__Directions__
Count the lines of the data that have the word "eqVneq", then report the number without anything else.

START Task input

(* Let $n$ be a positive integer, $0\le m\le\lfloor n/2\rfloor$ and $0\le k\le m$. Let $T_k$ be the Young tableau of shape $(n-k,k)$ whose first row contains $1,\dots,n-k$ and whose second row contains $n-k+1,\dots,n$, and let $R(T_k)\subseteq S_n$ be its row subgroup (permutations of $\{1,\dots,n\}$ preserving each row as a set). Let $\Omega=\{n-m+1,\dots,n\}$ and $\Omega_1=\{n-m+1,\dots,n-k\}$. Given subsets $V\subseteq\{1,\dots,k\}$ and $W\subseteq\Omega_1$, the number of $p\in R(T_k)$ such that $$W=\{\,i\in\Omega\mid p(i)\notin\Omega\cup V\,\}$$ equals $$\binom{n-m-\#V}{\#W}(\#W)!\,\binom{m-k+\#V}{m-k-\#W}(m-k-\#W)!\,k!\,(n-m)!\,.$$
   Context: $\#X$ denotes the cardinality of a finite set $X$. *)

(* Elements 1..n of the paper are encoded as i : 'I_n with
   paper value (val i).+1. *)
From mathcomp Require Import all_boot all_fingroup.
Set Implicit Arguments. Unset Strict Implicit. Unset Printing Implicit Defensive.

Definition row1 (n k : nat) : {set 'I_n} := [set i : 'I_n | (val i).+1 <= n - k].
Definition row2 (n k : nat) : {set 'I_n} := [set i : 'I_n | n - k + 1 <= (val i).+1].

Definition rowgroup (n k : nat) : {set 'S_n} :=
  [set p : 'S_n | (p @: row1 n k == row1 n k) && (p @: row2 n k == row2 n k)].

Definition Omega (n m : nat) : {set 'I_n} := [set i : 'I_n | n - m + 1 <= (val i).+1].
Definition Omega1 (n m k : nat) : {set 'I_n} :=
  [set i : 'I_n | (n - m + 1 <= (val i).+1) && ((val i).+1 <= n - k)].
Definition firstk (n k : nat) : {set 'I_n} := [set i : 'I_n | 1 <= (val i).+1 <= k].

From mathcomp Require Import all_boot all_fingroup zify.
Set Implicit Arguments. Unset Strict Implicit. Unset Printing Implicit Defensive.

(* Both conditions on p are pointwise: they say exactly that each p i lies
   in a set [allowed i] depending only on i (row 2 into row 2, W into
   {1..n-m} \ V, Omega_1 \ W into Omega_1 u V, {1..n-m} into row 1).  Place
   the indices block by block: W, then Omega_1 \ W, then {1..n-m}, then row 2.
   All indices of a block share one allowed set, and the allowed set of every
   index placed before is either contained in it or disjoint from it, so the
   block contributes a falling factorial; the four factors are
   (n-m-#V)^_#W, (m-k+#V)^_(m-k-#W), (n-k-(m-k))^_(n-m) = (n-m)! and k!. *)

Lemma card_uniform_fibers (A B : finType) (X : {set A}) (Y : {set B})
    (phi : A -> B) c :
  {in X, forall a, phi a \in Y} ->
  {in Y, forall b, #|[set a in X | phi a == b]| = c} -> #|X| = c * #|Y|.
Proof.
move=> phiXY fiber_c.
rewrite -sum1_card (partition_big phi (mem Y)) //= mulnC -sum_nat_const.
apply: eq_bigr => b Yb; rewrite -(fiber_c b Yb) -sum1_card.
by apply: eq_bigl => a; rewrite inE.
Qed.

Lemma card_ord_range n a b (X : {set 'I_n}) :
  (forall i : 'I_n, (i \in X) = (a <= i < b)) -> #|X| = minn b n - a.
Proof.
move=> memX; rewrite -sum1_card big_mkcond /=.
rewrite (eq_bigr (fun i : 'I_n => nat_of_bool (a <= i < b))); last first.
  by move=> i _; rewrite memX; case: ifP.
rewrite -(big_mkord xpredT (fun i => nat_of_bool (a <= i < b))).
elim: n {X memX} => [|n IHn]; first by rewrite big_geq //; lia.
by rewrite big_nat_recr //= IHn; case: (leqP a n) => ?; case: (ltnP n b) => ? /=; lia.
Qed.

Lemma perm_stableE (T : finType) (p : {perm T}) (X : {set T}) :
  (p @: X == X) = [forall i in X, p i \in X].
Proof.
rewrite eqEcard card_imset ?leqnn ?andbT; last exact: perm_inj.
apply/subsetP/forall_inP => [pX i Xi | pX _ /imsetP[i Xi ->]]; last exact: pX.
by apply: pX; apply: imset_f.
Qed.

Section Placements.
Variables (T : finType) (S : T -> {set T}).

(* Fixing the points outside [s] makes each placement a unique finite
   function on all of [T]. *)
Definition placements (s : seq T) : {set {ffun T -> T}} :=
  [set f : {ffun T -> T} | [&& [forall z, (z \notin s) ==> (f z == z)],
                               uniq (map f s) & all (fun z => f z \in S z) s]].

Definition fupd (f : {ffun T -> T}) x y : {ffun T -> T} :=
  [ffun z => if z == x then y else f z].

Lemma fupd_inj f x : injective (fupd f x).
Proof. by move=> y1 y2 /ffunP /(_ x); rewrite !ffunE eqxx. Qed.

Lemma fupd_notin f x y z : z != x -> fupd f x y z = f z.
Proof. by move=> zx; rewrite ffunE (negbTE zx). Qed.

Lemma map_fupd f x y s : x \notin s -> map (fupd f x y) s = map f s.
Proof.
move=> xs; apply/eq_in_map => z zs; apply: fupd_notin.
by apply: contraNneq xs => <-.
Qed.

Lemma placements_nil : placements [::] = [set [ffun z => z]].
Proof.
apply/setP => f; rewrite !inE /= !andbT; apply/forallP/eqP => [fid | -> z].
  by apply/ffunP => z; rewrite ffunE; apply/eqP; apply: fid.
by rewrite ffunE.
Qed.

Lemma fupd_placements x s f :
  x \notin s -> f \in placements (x :: s) -> fupd f x x \in placements s.
Proof.
move=> xs; rewrite !inE /= map_fupd // => /and3P[/forallP fid /andP[_ uf] /andP[_ fS]].
apply/and3P; split=> //.
  apply/forallP => z; apply/implyP => zs; rewrite ffunE.
  case: (eqVneq z x) => [-> //| zx].
  by apply: (implyP (fid z)); rewrite inE negb_or zx.
apply/allP => z zs; rewrite fupd_notin; first exact: (allP fS).
by apply: contraNneq xs => <-.
Qed.

Lemma placements_cons_fiber x s g :
  x \notin s -> g \in placements s ->
  [set f in placements (x :: s) | fupd f x x == g] =
  fupd g x @: (S x :\: [set y in map g s]).
Proof.
move=> xs; rewrite inE => /and3P[/forallP gid ug /allP gS].
apply/setP => f; apply/idP/imsetP.
  rewrite !inE /= => /andP[/and3P[_ /andP[fxs _] /andP[fx _]] /eqP <-].
  exists (f x); first by rewrite !inE map_fupd // fxs.
  by apply/ffunP => z; rewrite !ffunE; case: (eqVneq z x) => [-> |].
move=> [y]; rewrite !inE => /andP[ygs yS] ->.
rewrite /= map_fupd // ffunE eqxx ygs yS ug /= -andbA; apply/and3P; split.
- apply/forallP => z; apply/implyP; rewrite inE negb_or => /andP[zx zs].
  by rewrite fupd_notin //; apply: (implyP (gid z)).
- apply/allP => z zs; rewrite fupd_notin; first exact: gS.
  by apply: contraNneq xs => <-.
- apply/eqP/ffunP => z; rewrite !ffunE; case: (eqVneq z x) => [-> | //].
  by apply/esym/eqP; apply: (implyP (gid x)).
Qed.

Lemma card_placements_cons x s (P : pred T) :
  x \notin s ->
  {in s, forall z, P z -> S z \subset S x} ->
  {in s, forall z, ~~ P z -> [disjoint S z & S x]} ->
  #|placements (x :: s)| = (#|S x| - count P s) * #|placements s|.
Proof.
move=> xs sub dis.
apply: (card_uniform_fibers (phi := fun f => fupd f x x)) => [f|g g_pl].
  exact: fupd_placements.
rewrite placements_cons_fiber // card_imset; last exact: fupd_inj.
move: g_pl; rewrite inE => /and3P[_ ug /allP gS].
rewrite cardsD; congr (_ - _).
have -> : S x :&: [set y in map g s] = [set y in filter (mem (S x)) (map g s)].
  by apply/setP => y; rewrite !inE mem_filter.
rewrite cardsE (card_uniqP (filter_uniq _ ug)) size_filter count_map.
apply: eq_in_count => z zs /=; case Pz: (P z).
  exact: subsetP (sub z zs Pz) _ (gS z zs).
exact: disjointFr (dis z zs (negbT Pz)) (gS z zs).
Qed.

Lemma card_placements_cat s1 s2 (Q : {set T}) (P : pred T) :
  uniq (s1 ++ s2) -> {in s1, forall x, S x = Q} ->
  {in s2, forall z, P z -> S z \subset Q} ->
  {in s2, forall z, ~~ P z -> [disjoint S z & Q]} ->
  #|placements (s1 ++ s2)| = (#|Q| - count P s2) ^_ (size s1) * #|placements s2|.
Proof.
elim: s1 => [|x s1 IHs1] /=; first by rewrite mul1n.
rewrite mem_cat negb_or => /andP[/andP[xs1 xs2] u12] SQ sub dis.
have Sx : S x = Q by apply: SQ; apply: mem_head.
have SQ1 : {in s1, forall y, S y = Q} by move=> y ys; apply: SQ; rewrite inE ys orbT.
have s1s2 : {in s2, forall z, z \notin s1}.
  by move: u12; rewrite cat_uniq => /and3P[_ /hasPn s12 _]; apply: s12.
(* Seen from x, the other items of s1 also have allowed set Q. *)
rewrite (card_placements_cons (P := fun z => (z \in s1) || P z)); first last.
- move=> z; rewrite mem_cat Sx negb_or => /orP[-> // | zs2 /andP[_]].
  exact: dis.
- move=> z; rewrite mem_cat Sx => /orP[zs1 _ | zs2]; first by rewrite SQ1.
  by rewrite (negbTE (s1s2 z zs2)); apply: sub.
- by rewrite mem_cat negb_or xs1.
rewrite IHs1 // ffactnSr Sx count_cat (eq_in_count (a2 := predT)) ?count_predT.
  rewrite (eq_in_count (a1 := fun z => (z \in s1) || P z) (a2 := P)).
    by rewrite addnC subnDA mulnCA mulnA.
  by move=> z /s1s2 /negbTE ->.
by move=> z /= ->.
Qed.

Lemma card_placements_const s (Q : {set T}) :
  uniq s -> {in s, forall x, S x = Q} -> #|placements s| = #|Q| ^_ (size s).
Proof.
move=> us SQ; rewrite -[s]cats0 (card_placements_cat (Q := Q) (P := xpred0)) ?cats0 //.
by rewrite placements_nil cards1 muln1 subn0.
Qed.

Lemma card_perms_placements (s : seq T) :
  perm_eq s (enum T) ->
  #|[set p : {perm T} | [forall i, p i \in S i]]| = #|placements s|.
Proof.
move=> s_enum.
have s_all z : z \in s by rewrite (perm_mem s_enum) mem_enum.
have ffun_inj : injective (fun p : {perm T} => [ffun i => p i]).
  by move=> p q /ffunP pq; apply/permP => i; have := pq i; rewrite !ffunE.
rewrite -(card_imset _ ffun_inj); apply: eq_card => f; apply/imsetP/idP.
  move=> [p]; rewrite inE => /forallP pS ->; rewrite inE; apply/and3P; split.
  - by apply/forallP => z; rewrite s_all.
  - rewrite (eq_map (g := p)) => [|z]; last by rewrite ffunE.
    by rewrite map_inj_uniq ?(perm_uniq s_enum) ?enum_uniq //; apply: perm_inj.
  - by apply/allP => z _; rewrite ffunE.
rewrite inE => /and3P[_ uf /allP fS].
have f_inj : injective f.
  by apply/injectiveP; rewrite /injectiveb /dinjectiveb -(perm_uniq (perm_map f s_enum)).
exists (perm f_inj); first by rewrite inE; apply/forallP => i; rewrite permE fS.
by apply/ffunP => i; rewrite ffunE permE.
Qed.

End Placements.

Section Rows.
Variables (n : nat) (i : 'I_n).

Lemma mem_row1 k : (i \in row1 n k) = (i < n - k).
Proof. by rewrite inE. Qed.

Lemma mem_row2 k : (i \in row2 n k) = (n - k <= i).
Proof. by rewrite inE addn1. Qed.

Lemma mem_Omega m : (i \in Omega n m) = (n - m <= i).
Proof. by rewrite inE addn1. Qed.

Lemma mem_Omega1 m k : (i \in Omega1 n m k) = (n - m <= i < n - k).
Proof. by rewrite inE addn1. Qed.

Lemma mem_firstk k : (i \in firstk n k) = (i < k).
Proof. by rewrite inE. Qed.

End Rows.

Definition memE := (mem_row1, mem_row2, mem_Omega, mem_Omega1, mem_firstk).

Lemma card_row1 n k : #|row1 n k| = n - k.
Proof. by rewrite (@card_ord_range n 0 (n - k)) => [|i]; rewrite ?memE; lia. Qed.

Lemma disjoint_row1_row2 n k : [disjoint row1 n k & row2 n k].
Proof. by apply/pred0P => j /=; rewrite !memE; lia. Qed.

Section RowGroupCount.
Variables (n m k : nat) (V W : {set 'I_n}).
Hypotheses (m_le_half : m <= n./2) (k_le_m : k <= m).
Hypotheses (V_firstk : V \subset firstk n k) (W_Omega1 : W \subset Omega1 n m k).

Let memV j : j \in V -> j < k.
Proof. by move/(subsetP V_firstk); rewrite memE. Qed.

Let memW i : i \in W -> n - m <= i < n - k.
Proof. by move/(subsetP W_Omega1); rewrite memE. Qed.

Let k_le_nm : k <= n - m.
Proof. lia. Qed.

Definition allowed (i : 'I_n) : {set 'I_n} :=
  if i \in row2 n k then row2 n k
  else if i \in W then ~: Omega n m :\: V
  else if i \in Omega1 n m k then Omega1 n m k :|: V
  else row1 n k.

Lemma mem_allowed i j :
  (j \in allowed i) =
  [&& (i \in row1 n k) ==> (j \in row1 n k), (i \in row2 n k) ==> (j \in row2 n k)
    & (i \in W) == (i \in Omega n m) && (j \notin Omega n m :|: V)].
Proof.
rewrite /allowed !memE.
case iW: (i \in W); [have := memW iW | ];
  case jV: (j \in V); [have := memV jV | | have := memV jV | ];
  repeat case: ifP; rewrite ?(in_setD, in_setU, in_setC, memE) ?jV /=; lia.
Qed.

Lemma rowgroup_conditionE (p : 'S_n) :
  (p \in rowgroup n k) && (W == [set i in Omega n m | p i \notin Omega n m :|: V]) =
  [forall i, p i \in allowed i].
Proof.
have -> : (W == [set i in Omega n m | p i \notin Omega n m :|: V]) =
          [forall i, (i \in W) == (i \in Omega n m) && (p i \notin Omega n m :|: V)].
  apply/eqP/forallP => [-> i | WE]; first by rewrite inE.
  by apply/setP => i; rewrite inE; apply/eqP.
rewrite inE !perm_stableE -andbA.
apply/and3P/forallP => [[/forall_inP r1 /forall_inP r2 /forallP WE] i | pA].
  by rewrite mem_allowed WE andbT; apply/andP; split; apply/implyP; [apply: r1 | apply: r2].
split; [apply/forall_inP => i | apply/forall_inP => i | apply/forallP => i];
  by have := pA i; rewrite mem_allowed => /and3P[/implyP ? /implyP ? ?].
Qed.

END Task input

__Exercise result__
3